* EXERCISE PROMPT
Once the line with "Lemma Gmat_bounded (c : C) : c != 0 ->" is found in the entries below, repeat it and each following line exactly, up to and including the line with "Lemma entries_le_Expmat (l". Add no other lines.

==== DATA FOR THE TASK

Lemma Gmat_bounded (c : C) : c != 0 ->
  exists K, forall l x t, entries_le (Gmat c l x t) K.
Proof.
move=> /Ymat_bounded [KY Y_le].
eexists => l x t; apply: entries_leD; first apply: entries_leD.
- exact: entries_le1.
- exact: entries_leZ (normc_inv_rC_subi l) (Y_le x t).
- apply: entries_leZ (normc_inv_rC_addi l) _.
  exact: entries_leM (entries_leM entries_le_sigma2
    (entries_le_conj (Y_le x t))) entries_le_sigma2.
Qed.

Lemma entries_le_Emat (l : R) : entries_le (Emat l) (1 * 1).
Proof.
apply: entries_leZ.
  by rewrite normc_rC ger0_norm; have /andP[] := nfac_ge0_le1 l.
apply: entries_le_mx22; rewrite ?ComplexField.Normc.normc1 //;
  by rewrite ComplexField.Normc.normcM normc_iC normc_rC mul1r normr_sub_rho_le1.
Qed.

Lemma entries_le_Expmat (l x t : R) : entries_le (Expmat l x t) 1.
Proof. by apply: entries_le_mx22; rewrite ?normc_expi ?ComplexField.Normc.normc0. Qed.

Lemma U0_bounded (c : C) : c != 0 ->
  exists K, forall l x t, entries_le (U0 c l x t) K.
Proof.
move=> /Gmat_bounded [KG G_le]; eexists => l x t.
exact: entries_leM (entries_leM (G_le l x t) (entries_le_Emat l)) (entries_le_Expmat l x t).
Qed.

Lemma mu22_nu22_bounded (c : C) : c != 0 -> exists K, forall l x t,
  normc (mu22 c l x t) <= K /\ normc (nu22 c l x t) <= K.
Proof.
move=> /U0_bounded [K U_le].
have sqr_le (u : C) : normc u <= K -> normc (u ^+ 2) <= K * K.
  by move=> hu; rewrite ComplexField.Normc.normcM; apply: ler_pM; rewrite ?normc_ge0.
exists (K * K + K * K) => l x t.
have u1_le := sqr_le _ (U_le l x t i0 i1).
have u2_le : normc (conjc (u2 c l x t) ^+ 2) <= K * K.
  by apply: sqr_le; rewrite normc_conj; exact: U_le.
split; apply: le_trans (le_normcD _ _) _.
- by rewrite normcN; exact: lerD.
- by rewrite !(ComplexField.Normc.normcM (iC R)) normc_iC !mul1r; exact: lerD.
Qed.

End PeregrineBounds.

========
==== DATA FOR THE TASK

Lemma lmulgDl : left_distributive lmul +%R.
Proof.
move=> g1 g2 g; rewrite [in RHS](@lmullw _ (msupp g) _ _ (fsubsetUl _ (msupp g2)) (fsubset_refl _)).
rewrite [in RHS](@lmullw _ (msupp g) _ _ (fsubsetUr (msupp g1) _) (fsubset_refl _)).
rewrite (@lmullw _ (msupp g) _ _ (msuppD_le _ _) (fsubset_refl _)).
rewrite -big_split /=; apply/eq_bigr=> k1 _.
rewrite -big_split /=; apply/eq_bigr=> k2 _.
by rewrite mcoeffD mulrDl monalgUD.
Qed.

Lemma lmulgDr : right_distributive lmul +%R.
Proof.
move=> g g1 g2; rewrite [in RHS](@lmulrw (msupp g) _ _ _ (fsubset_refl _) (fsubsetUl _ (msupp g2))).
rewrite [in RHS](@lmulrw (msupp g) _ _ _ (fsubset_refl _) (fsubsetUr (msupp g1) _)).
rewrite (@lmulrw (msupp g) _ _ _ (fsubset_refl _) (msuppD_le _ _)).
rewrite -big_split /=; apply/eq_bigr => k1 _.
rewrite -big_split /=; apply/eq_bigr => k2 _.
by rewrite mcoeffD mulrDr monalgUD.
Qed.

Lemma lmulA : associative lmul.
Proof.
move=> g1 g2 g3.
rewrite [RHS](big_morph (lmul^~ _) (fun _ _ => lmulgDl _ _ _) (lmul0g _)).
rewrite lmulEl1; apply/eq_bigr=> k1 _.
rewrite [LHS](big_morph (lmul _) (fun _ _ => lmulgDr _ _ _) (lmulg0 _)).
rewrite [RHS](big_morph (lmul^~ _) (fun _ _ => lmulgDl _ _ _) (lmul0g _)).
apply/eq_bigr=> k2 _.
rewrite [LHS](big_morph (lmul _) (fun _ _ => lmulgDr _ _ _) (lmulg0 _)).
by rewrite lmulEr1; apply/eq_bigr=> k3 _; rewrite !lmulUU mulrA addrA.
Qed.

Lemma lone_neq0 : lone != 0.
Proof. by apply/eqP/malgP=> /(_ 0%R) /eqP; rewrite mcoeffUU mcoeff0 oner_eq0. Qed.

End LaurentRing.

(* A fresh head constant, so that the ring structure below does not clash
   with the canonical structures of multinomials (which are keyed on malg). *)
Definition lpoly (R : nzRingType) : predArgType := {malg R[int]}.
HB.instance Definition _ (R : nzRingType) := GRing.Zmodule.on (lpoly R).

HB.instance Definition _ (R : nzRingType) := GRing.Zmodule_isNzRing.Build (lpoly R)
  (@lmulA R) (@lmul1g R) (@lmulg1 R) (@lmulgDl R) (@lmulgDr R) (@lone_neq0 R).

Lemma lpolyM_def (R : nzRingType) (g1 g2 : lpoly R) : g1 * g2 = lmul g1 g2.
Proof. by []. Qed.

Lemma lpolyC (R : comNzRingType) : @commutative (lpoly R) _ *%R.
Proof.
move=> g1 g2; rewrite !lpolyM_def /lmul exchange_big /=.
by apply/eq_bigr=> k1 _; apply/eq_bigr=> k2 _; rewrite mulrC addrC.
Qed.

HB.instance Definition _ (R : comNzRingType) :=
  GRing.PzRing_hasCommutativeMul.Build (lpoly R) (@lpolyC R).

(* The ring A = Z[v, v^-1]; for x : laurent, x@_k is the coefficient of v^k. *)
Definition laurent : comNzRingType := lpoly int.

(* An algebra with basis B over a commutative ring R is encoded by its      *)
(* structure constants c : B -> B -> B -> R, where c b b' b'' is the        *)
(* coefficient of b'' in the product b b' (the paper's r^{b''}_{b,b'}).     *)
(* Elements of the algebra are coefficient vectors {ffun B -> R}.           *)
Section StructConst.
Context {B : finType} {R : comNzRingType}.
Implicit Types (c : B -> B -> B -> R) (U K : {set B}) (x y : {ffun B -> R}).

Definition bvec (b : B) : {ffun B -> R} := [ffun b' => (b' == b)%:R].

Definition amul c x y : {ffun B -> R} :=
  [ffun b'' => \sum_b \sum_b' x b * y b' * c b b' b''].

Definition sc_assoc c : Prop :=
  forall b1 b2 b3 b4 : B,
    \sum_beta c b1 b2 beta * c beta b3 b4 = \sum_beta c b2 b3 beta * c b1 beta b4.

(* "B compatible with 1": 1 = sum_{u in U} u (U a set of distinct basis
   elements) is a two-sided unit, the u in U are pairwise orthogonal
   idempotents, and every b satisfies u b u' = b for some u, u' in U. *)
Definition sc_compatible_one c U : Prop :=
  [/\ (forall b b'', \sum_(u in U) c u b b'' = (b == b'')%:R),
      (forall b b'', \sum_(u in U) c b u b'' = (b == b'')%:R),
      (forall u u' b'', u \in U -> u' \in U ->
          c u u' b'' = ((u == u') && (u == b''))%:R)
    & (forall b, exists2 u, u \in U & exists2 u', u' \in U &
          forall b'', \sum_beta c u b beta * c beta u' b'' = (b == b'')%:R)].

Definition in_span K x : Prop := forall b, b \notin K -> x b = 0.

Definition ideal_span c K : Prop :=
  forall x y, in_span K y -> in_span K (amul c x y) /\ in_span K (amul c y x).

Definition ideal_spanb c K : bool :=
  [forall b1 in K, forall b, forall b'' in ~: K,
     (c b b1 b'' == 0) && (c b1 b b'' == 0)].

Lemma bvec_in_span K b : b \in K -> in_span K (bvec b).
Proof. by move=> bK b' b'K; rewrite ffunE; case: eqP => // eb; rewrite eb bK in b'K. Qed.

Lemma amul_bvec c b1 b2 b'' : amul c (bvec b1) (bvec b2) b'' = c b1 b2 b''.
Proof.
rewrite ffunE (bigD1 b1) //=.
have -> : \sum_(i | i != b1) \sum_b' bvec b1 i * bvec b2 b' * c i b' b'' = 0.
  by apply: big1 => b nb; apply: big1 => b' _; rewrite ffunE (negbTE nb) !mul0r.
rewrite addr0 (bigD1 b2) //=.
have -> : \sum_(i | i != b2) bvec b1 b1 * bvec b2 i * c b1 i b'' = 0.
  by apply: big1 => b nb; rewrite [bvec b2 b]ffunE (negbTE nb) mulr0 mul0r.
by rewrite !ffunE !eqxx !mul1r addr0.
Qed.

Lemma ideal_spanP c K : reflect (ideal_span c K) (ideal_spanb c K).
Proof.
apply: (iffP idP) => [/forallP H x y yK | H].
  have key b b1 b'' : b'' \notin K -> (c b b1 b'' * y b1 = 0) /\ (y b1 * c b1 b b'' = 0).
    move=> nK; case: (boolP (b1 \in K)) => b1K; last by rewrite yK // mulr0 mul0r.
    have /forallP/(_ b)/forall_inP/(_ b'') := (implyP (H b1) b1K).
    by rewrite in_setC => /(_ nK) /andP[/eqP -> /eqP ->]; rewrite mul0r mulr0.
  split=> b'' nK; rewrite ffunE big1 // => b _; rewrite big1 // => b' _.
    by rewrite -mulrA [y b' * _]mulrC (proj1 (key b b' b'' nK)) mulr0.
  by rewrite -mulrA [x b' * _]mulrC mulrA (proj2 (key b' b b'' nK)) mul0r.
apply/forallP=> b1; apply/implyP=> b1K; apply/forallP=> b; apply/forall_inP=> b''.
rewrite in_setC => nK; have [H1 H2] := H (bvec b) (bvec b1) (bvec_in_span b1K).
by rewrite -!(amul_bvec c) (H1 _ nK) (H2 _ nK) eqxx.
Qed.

========

* SOLUTION TO THE EXERCISE
Lemma Gmat_bounded (c : C) : c != 0 ->
  exists K, forall l x t, entries_le (Gmat c l x t) K.
Proof.
move=> /Ymat_bounded [KY Y_le].
eexists => l x t; apply: entries_leD; first apply: entries_leD.
- exact: entries_le1.
- exact: entries_leZ (normc_inv_rC_subi l) (Y_le x t).
- apply: entries_leZ (normc_inv_rC_addi l) _.
  exact: entries_leM (entries_leM entries_le_sigma2
    (entries_le_conj (Y_le x t))) entries_le_sigma2.
Qed.

Lemma entries_le_Emat (l : R) : entries_le (Emat l) (1 * 1).
Proof.
apply: entries_leZ.
  by rewrite normc_rC ger0_norm; have /andP[] := nfac_ge0_le1 l.
apply: entries_le_mx22; rewrite ?ComplexField.Normc.normc1 //;
  by rewrite ComplexField.Normc.normcM normc_iC normc_rC mul1r normr_sub_rho_le1.
Qed.

Lemma entries_le_Expmat (l x t : R) : entries_le (Expmat l x t) 1.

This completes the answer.